State-of-the-art lung cancer radiation therapy.

Abstract

External-beam radiotherapy, often combined with chemotherapy, is the treatment of choice for locally advanced inoperable lung cancer. Locoregional control and disease-free survival, however, are limited with the current clinically applied treatment strategies. An important factor is the inability to deliver sufficiently high dose levels, mainly caused by the fact that the limited geometrical accuracy impedes further dose escalation owing to risk of complications.
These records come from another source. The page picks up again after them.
(* The functions $F(n)=\sum_{j=1}^n\frac{(-1)^{j-1}}{j}$, $L(n)=\sum_{j=1}^n\frac{(-1)^{j-1}}{2j-1}$ and $S(n)=\sum_{j=1}^n\frac{1}{j!}$ of the positive integer variable $n$ are transcendental functions in $n$ over $\overline{\mathbb{Q}}$.
   Context: $\overline{\mathbb{Q}}\subseteq\mathbb{C}$ denotes the field of algebraic numbers. A function $f(n)$ of the positive integer variable $n$ is an algebraic function over a subfield $K\subseteq\mathbb{C}$ if there exist polynomials $q_0,\dots,q_k\in K[n]$ with $q_k\neq 0$ such that $q_k(n)f(n)^k+\cdots+q_1(n)f(n)+q_0(n)=0$ for all positive integers $n$; otherwise $f$ is a transcendental function over $K$. *)

(* Qbar = algC (the field of algebraic numbers). *)
From HB Require Import structures.
From mathcomp Require Import all_boot all_order all_algebra all_field.
Set Implicit Arguments. Unset Strict Implicit. Unset Printing Implicit Defensive.
Import Order.TTheory GRing.Theory Num.Theory.
Local Open Scope ring_scope.

Definition algebraic_fun_Qbar (f : nat -> algC) : Prop :=
  exists (k : nat) (q : nat -> {poly algC}),
    q k != 0 /\
    forall n : nat, (0 < n)%N ->
      \sum_(i < k.+1) (q i).[n%:R] * f n ^+ i = 0.

Definition transcendental_fun_Qbar (f : nat -> algC) : Prop :=
  ~ algebraic_fun_Qbar f.

Definition Ffun (n : nat) : algC :=
  \sum_(1 <= j < n.+1) (-1) ^+ (j.-1) / j%:R.

Definition Lfun (n : nat) : algC :=
  \sum_(1 <= j < n.+1) (-1) ^+ (j.-1) / (j.*2.-1)%:R.

Definition Sfun (n : nat) : algC :=
  \sum_(1 <= j < n.+1) ((j`!)%:R)^-1.

(* Since F, L and S take rational values, a polynomial relation over Qbar
   descends to one with integer polynomial coefficients q_0, ..., q_k: a
   Q-linear coordinate form on a number field containing the coefficients maps
   it to a relation over Q, and the denominators are then cleared.
   Fix t > 0.  For every large prime p the value f(p + t) has p-adic valuation
   exactly -1: exactly one term of F and of L has p in its denominator, and the
   tail of S from 1/p! on equals W/(p C) with W = sum_(i <= t) t!/i! mod p.
   Multiplying the relation at n = p + t by the k-th power of the denominator
   shows that p divides q_k(p + t), which is q_k(t) mod p; for p > |q_k(t)|
   this forces q_k(t) = 0.  So q_k vanishes on all positive integers, hence
   q_k = 0, a contradiction. *)

From HB Require Import structures.
From mathcomp Require Import all_boot all_order all_algebra all_field.
From mathcomp Require Import ring zify.
Set Implicit Arguments. Unset Strict Implicit. Unset Printing Implicit Defensive.
Import Order.TTheory GRing.Theory Num.Theory.
Local Open Scope ring_scope.

Local Notation pZtoQ := (map_poly (intr : int -> rat)).

Section PadicValuation.

Variable p : nat.
Hypothesis p_pr : prime p.

Definition p_integral (x : rat) :=
  exists (A : int) (B : nat), ~~ (p %| B)%N /\ x = A%:~R / B%:R.

Definition simple_pole (x : rat) := exists (A : int) (B : nat),
  [/\ ~~ (p %| `|A|)%N, ~~ (p %| B)%N & x = A%:~R / (p * B)%:R].

Let natr_neq0 (B : nat) : ~~ (p %| B)%N -> (B%:R : rat) != 0.
Proof.
by apply: contraNneq => /eqP; rewrite pnatr_eq0 => /eqP ->; rewrite dvdn0.
Qed.

Let p_ndvd1 : ~~ (p %| 1)%N.
Proof. by rewrite dvdn1 neq_ltn prime_gt1 ?orbT. Qed.

Lemma p_integral_sign_div e (B : nat) :
  ~~ (p %| B)%N -> p_integral ((-1) ^+ e / B%:R).
Proof. by move=> nB; exists ((-1) ^+ e), B; rewrite rmorphXn rmorphN1. Qed.

Lemma p_integral0 : p_integral 0.
Proof. by exists 0, 1%N; rewrite mul0r. Qed.

Lemma p_integralD x y : p_integral x -> p_integral y -> p_integral (x + y).
Proof.
move=> [A [B [nB ->]]] [C [E [nE ->]]].
exists (A * E%:Z + C * B%:Z), (B * E)%N; split.
  by rewrite Euclid_dvdM // negb_or nB nE.
have := natr_neq0 nB; have := natr_neq0 nE.
by rewrite rmorphD !rmorphM /= -!pmulrn => ? ?; field; apply/andP.
Qed.

Lemma simple_poleD x y : simple_pole x -> p_integral y -> simple_pole (x + y).
Proof.
move=> [A [B [nA nB ->]]] [C [E [nE ->]]].
exists (A * E%:Z + p%:Z * (B%:Z * C)), (B * E)%N; split.
- rewrite -[X in (X %| _)%N]/(`|p%:Z|)%N -dvdzE.
  rewrite (rpredDr _ (dvdz_mulr _ (dvdzz p%:Z))).
  by rewrite dvdzE abszM Euclid_dvdM // negb_or nA nE.
- by rewrite Euclid_dvdM // negb_or nB nE.
have := natr_neq0 nB; have := natr_neq0 nE; have : (p%:R : rat) != 0.
  by rewrite pnatr_eq0 -lt0n prime_gt0.
by rewrite rmorphD !rmorphM /= -!pmulrn => ? ? ?; field; apply/and3P.
Qed.

Lemma p_integral_sum (I : eqType) (r : seq I) (P : pred I) (F : I -> rat) :
  (forall i, i \in r -> P i -> p_integral (F i)) ->
  p_integral (\sum_(i <- r | P i) F i).
Proof.
move=> intF; rewrite big_seq_cond; apply: (big_ind p_integral p_integral0).
  exact: p_integralD.
by move=> i /andP[/intF].
Qed.

Lemma simple_pole_sum_nat m n j0 (F : nat -> rat) : (m <= j0 < n)%N ->
  simple_pole (F j0) ->
  (forall j, (m <= j < n)%N -> j != j0 -> p_integral (F j)) ->
  simple_pole (\sum_(m <= j < n) F j).
Proof.
move=> j0_in poleF intF.
rewrite (bigD1_seq j0) ?mem_index_iota ?iota_uniq //=.
apply: simple_poleD => //.
by apply: p_integral_sum => j; rewrite mem_index_iota => /intF.
Qed.

Lemma simple_pole_sign_div e : simple_pole ((-1) ^+ e / p%:R).
Proof.
exists ((-1) ^+ e), 1%N; split => //; last by rewrite muln1 rmorphXn rmorphN1.
by rewrite abszX /= exp1n.
Qed.

End PadicValuation.

Definition poly_relation (R : nzRingType) k (q : nat -> {poly R})
    (f : nat -> R) :=
  q k != 0 /\ forall n, (0 < n)%N -> \sum_(i < k.+1) (q i).[n%:R] * f n ^+ i = 0.

Lemma horner_linear (F : fieldType) (L : algType F) (phi : {scalar L})
    (P : {poly L}) (x : F) :
  phi P.[x%:A] = (map_poly phi P).[x].
Proof.
rewrite horner_coef (horner_coef_wide _ (size_poly _ _)) linear_sum.
apply: eq_bigr => l _; rewrite coef_map -[x%:A](in_algE L) -rmorphXn /=.
by rewrite mulr_algr linearZ mulrC.
Qed.

Lemma poly_relation_descent (F : fieldType) (L : fieldExtType F) k
    (q : nat -> {poly L}) (r : nat -> F) :
  poly_relation k q (fun n => (r n)%:A) -> exists q', poly_relation k q' r.
Proof.
move=> [qk_neq0 rel_q].
pose X := vbasis (fullv : {vspace L}); pose c := lead_coef (q k).
have [j cj_neq0] : exists j, coord X j c != 0.
  apply/existsP; apply: contraR qk_neq0; rewrite negb_exists => /forallP c0.
  rewrite -lead_coef_eq0 -/c (coord_vbasis (memvf c)); apply/eqP/big1 => i _.
  by move: (c0 i); rewrite negbK => /eqP ->; rewrite scale0r.
exists (fun i => map_poly (coord X j) (q i)); split.
  by apply: contraNneq cj_neq0 => q'k0; rewrite -coef_map q'k0 coef0.
move=> n n_gt0; rewrite -[RHS](linear0 (coord X j)) -(rel_q n n_gt0).
rewrite linear_sum; apply: eq_bigr => i _.
rewrite -[(r n)%:A](in_algE L) -rmorphXn /= mulr_algr linearZ /= mulrC.
by rewrite -horner_linear -(in_algE L) rmorph_nat.
Qed.

Lemma poly_relation_ratr k (q : nat -> {poly algC}) (r : nat -> rat) :
  poly_relation k q (fun n => ratr (r n)) -> exists q', poly_relation k q' r.
Proof.
move=> [qk_neq0 rel_q].
pose s := flatten [seq polyseq (q i) | i <- iota 0 k.+1].
have [Qs [QsC [s1 Ds1 _]]] := num_field_exists s.
pose lift c := nth 0 s1 (index c s).
have liftK c : c \in s -> QsC (lift c) = c.
  move=> s_c; have := congr1 (nth 0 ^~ (index c s)) Ds1.
  by rewrite /= (nth_map 0) ?nth_index // -(size_map QsC) Ds1 index_mem.
pose q1 i := \poly_(l < size (q i)) lift (q i)`_l.
have q1K i : (i <= k)%N -> map_poly QsC (q1 i) = q i.
  move=> le_ik; apply/polyP => l; rewrite coef_map coef_poly /=.
  case: ltnP => [lt_l | /(nth_default 0) ->]; last exact: rmorph0.
  apply/liftK/flatten_mapP; exists i; first by rewrite mem_iota.
  exact: mem_nth.
apply: (@poly_relation_descent _ Qs _ q1); split.
  by apply: contra_neq qk_neq0; rewrite -q1K // => ->; rewrite rmorph0.
move=> n n_gt0; apply: (fmorph_inj QsC).
rewrite rmorph0 -(rel_q n n_gt0) rmorph_sum; apply: eq_bigr => i _.
rewrite rmorphM rmorphXn -horner_map q1K; last by rewrite -ltnS.
by rewrite rmorph_nat alg_num_field fmorph_rat.
Qed.

Lemma rat_polys_scale (q : nat -> {poly rat}) m :
  exists2 d : int, d != 0 & exists Q : nat -> {poly int},
    forall i, (i < m)%N -> d%:~R *: q i = pZtoQ (Q i).
Proof.
elim: m => [|m [d d_neq0 [Q dqE]]]; first by exists 1 => //; exists (fun=> 0).
have [Qm [a a_neq0 qmE]] := rat_poly_scale (q m).
exists (d * a); first by rewrite mulf_neq0.
exists (fun i => if (i < m)%N then a *: Q i else d *: Qm) => i.
rewrite ltnS leq_eqVlt rmorphM /=; case: ltngtP => [lt_im _ | // | -> _].
  by rewrite mulrC -scalerA dqE // map_polyZ.
by rewrite qmE scalerA mulfK ?intr_eq0 // map_polyZ.
Qed.

Lemma poly_relation_intr k (q : nat -> {poly rat}) (r : nat -> rat) :
  poly_relation k q r -> exists Q, poly_relation k (fun i => pZtoQ (Q i)) r.
Proof.
move=> [qk_neq0 rel_q]; have [d d_neq0 [Q dqE]] := rat_polys_scale q k.+1.
exists Q; split; first by rewrite -dqE // scaler_eq0 intr_eq0 negb_or d_neq0.
move=> n n_gt0; rewrite -[RHS](mulr0 d%:~R) -[X in _ = _ * X](rel_q n n_gt0).
by rewrite mulr_sumr; apply: eq_bigr => i _; rewrite -dqE // hornerZ mulrA.
Qed.

Lemma dvdz_hornerB (P : {poly int}) (x y : int) : (x - y %| P.[x] - P.[y])%Z.
Proof.
elim/poly_ind: P => [|P c IH]; first by rewrite !horner0 subrr dvdz0.
rewrite !hornerMXaddC.
have -> : P.[x] * x + c - (P.[y] * y + c) =
          (P.[x] - P.[y]) * x + P.[y] * (x - y) by ring.
by apply: rpredD; [apply: dvdz_mulr | apply: dvdz_mull].
Qed.

Lemma simple_pole_root_dvd p k (c : nat -> int) (x : rat) :
  prime p -> simple_pole p x -> \sum_(i < k.+1) (c i)%:~R * x ^+ i = 0 ->
  (p %| c k)%Z.
Proof.
move=> p_pr [A [B [nA nB ->]]] root_x; set D : int := (p * B)%N.
have pB_neq0 : (p%:R * B%:R : rat) != 0.
  rewrite mulf_neq0 // pnatr_eq0; first by rewrite -lt0n prime_gt0.
  by apply: contraNneq nB => ->.
have cleared : \sum_(i < k.+1) c i * A ^+ i * D ^+ (k - i) = 0.
  apply: (@intr_inj rat); rewrite rmorph0 -[RHS](mulr0 ((D%:~R : rat) ^+ k)).
  rewrite -[X in _ = _ * X]root_x mulr_sumr rmorph_sum.
  apply: eq_bigr => i _; have le_ik : (i <= k)%N by rewrite -ltnS.
  rewrite [_ ^+ k](_ : _ = (D%:~R : rat) ^+ i * D%:~R ^+ (k - i)); last first.
    by rewrite -exprD subnKC.
  rewrite !rmorphM !rmorphXn /= expr_div_n /D -pmulrn natrM.
  by field; rewrite expf_neq0.
rewrite big_ord_recr /= subnn expr0 mulr1 in cleared.
have dvd_lead : (p %| c k * A ^+ k)%Z.
  move/eqP: cleared; rewrite addrC addr_eq0 => /eqP ->.
  rewrite rpredN; apply: rpred_sum => i _; apply: dvdz_mull.
  by rewrite /= -(subnSK (ltn_ord i)) exprS dvdz_mulr // /D PoszM dvdz_mulr.
move: dvd_lead; rewrite !dvdzE abszM abszX /= Euclid_dvdM // Euclid_dvdX //.
by rewrite (negbTE nA) andFb orbF.
Qed.

Definition eventually_simple_poles (r : nat -> rat) := forall t, (0 < t)%N ->
  exists N, forall p, prime p -> (N < p)%N -> simple_pole p (r (p + t)%N).

Lemma no_poly_relation_of_simple_poles k (Q : nat -> {poly int}) r :
  eventually_simple_poles r -> ~ poly_relation k (fun i => pZtoQ (Q i)) r.
Proof.
move=> poles [Qk_neq0 rel_Q].
have root_Qk t : (0 < t)%N -> (Q k).[t%:Z] = 0.
  move=> t_gt0; have [N poleN] := poles t t_gt0; set v := (Q k).[t%:Z].
  have [p] := prime_above (maxn N `|v|).
  rewrite gtn_max => /andP[ltNp ltvp] p_pr.
  have dvd_pt : (p %| (Q k).[(p + t)%N%:Z])%Z.
    apply: (simple_pole_root_dvd (c := fun i => (Q i).[(p + t)%N%:Z]) p_pr
      (poleN p p_pr ltNp)).
    rewrite -[RHS](rel_Q (p + t)%N (ltn_addl p t_gt0)); apply: eq_bigr => i _.
    by rewrite -horner_map /= pmulrn.
  have := dvdz_hornerB (Q k) (p + t)%N t.
  rewrite PoszD addrK (rpredBl _ dvd_pt).
  by rewrite dvdzE /=; apply: contraTeq => v_neq0; rewrite gtnNdvd ?absz_gt0.
move: Qk_neq0; rewrite -size_poly_eq0 size_rat_int_poly size_poly_eq0 => /eqP[].
apply: (@roots_geq_poly_eq0 _ _ [seq t.+1%:Z | t <- iota 0 (size (Q k))]).
- by apply/allP => _ /mapP[t _ ->]; apply/eqP/root_Qk.
- by rewrite map_inj_uniq ?iota_uniq // => t u /eqP; rewrite eqz_nat => /eqP[].
by rewrite size_map size_iota.
Qed.

Lemma transcendental_of_simple_poles (f : nat -> algC) (r : nat -> rat) :
  (forall n, f n = ratr (r n)) -> eventually_simple_poles r ->
  transcendental_fun_Qbar f.
Proof.
move=> fE poles [k [q [qk_neq0 rel_q]]].
have [|q' /poly_relation_intr[Q]] := @poly_relation_ratr k q r.
  split=> // n n_gt0; rewrite -[RHS](rel_q n n_gt0).
  by apply: eq_bigr => i _; rewrite fE.
exact: no_poly_relation_of_simple_poles.
Qed.

Definition Frat (n : nat) : rat := \sum_(1 <= j < n.+1) (-1) ^+ j.-1 / j%:R.
Definition Lrat (n : nat) : rat :=
  \sum_(1 <= j < n.+1) (-1) ^+ j.-1 / (j.*2.-1)%:R.
Definition Srat (n : nat) : rat := \sum_(1 <= j < n.+1) (j`!)%:R^-1.

Lemma Frat_simple_pole p t :
  prime p -> (t < p)%N -> simple_pole p (Frat (p + t)%N).
Proof.
move=> p_pr lt_tp; have p_gt0 := prime_gt0 p_pr.
apply: (@simple_pole_sum_nat _ p_pr _ _ p); first by apply/andP; split; lia.
  exact: simple_pole_sign_div.
move=> j /andP[j_gt0 le_jpt] j_neq_p; apply: p_integral_sign_div.
apply/negP => /dvdnP[[|[|c]] j_eq]; move/eqP: j_neq_p; nia.
Qed.

Lemma Lrat_simple_pole p t : prime p -> (2 < p)%N -> (t.*2 < p)%N ->
  simple_pole p (Lrat (p + t)%N).
Proof.
move=> p_pr lt2p lt_tp; have p_gt0 := prime_gt0 p_pr.
have p_odd : odd p by case: (even_prime p_pr) lt2p => [-> //|].
have pE : (p./2.+1).*2.-1 = p.
  by rewrite doubleS /= -[RHS]odd_double_half p_odd add1n.
apply: (@simple_pole_sum_nat _ p_pr _ _ p./2.+1).
- by apply/andP; split => //; rewrite ltnS -leq_double -ltnS; lia.
- by rewrite pE; apply: simple_pole_sign_div.
move=> j /andP[j_gt0 le_jpt] j_neq; apply: p_integral_sign_div.
apply/negP => /dvdnP[c]; rewrite -!muln2 in lt_tp pE *.
case: c => [|[|[|c]]] c_eq; move/eqP: j_neq; nia.
Qed.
Higher conformality of the planned dose distributions and higher levels of accuracy in radiotherapy delivery reduces the amount of normal tissues irradiated, such that the tumor and pathologic lymph nodes can be safely irradiated to higher doses. In this review we describe recent developments in imaging, treatment planning and treatment delivery that have the potential to increase the efficacy of lung cancer radiation therapy. Respiratory-correlated imaging techniques eliminate respiratory-induced artifacts and produces 4D scans representing the patient's anatomy (CT) and biology (18-fludeoxyglucose [(18)FDG]-PET) over the respiratory cycle. Moreover, (18)FDG-PET scans provide information on the heterogeneous tumor characteristics. Intensity-modulated radiotherapy planning techniques produce highly conformal dose distributions tailored to the patient-specific respiratory motion patterns and, possibly, tumor characteristics. Image-guided radiotherapy utilizes repetitive imaging in the treatment room to measure and correct tumor misalignments. Finally, adaptive radiotherapy monitors the patient over the course of treatment and allows for adaptive treatment-plan modifications to individualize the treatment to the observed patient-specific changes. These techniques thus allow the delivery of higher doses of irradiation that yield a greater probability of complete response, higher tumor control and better survival in irradiated lung cancer patients.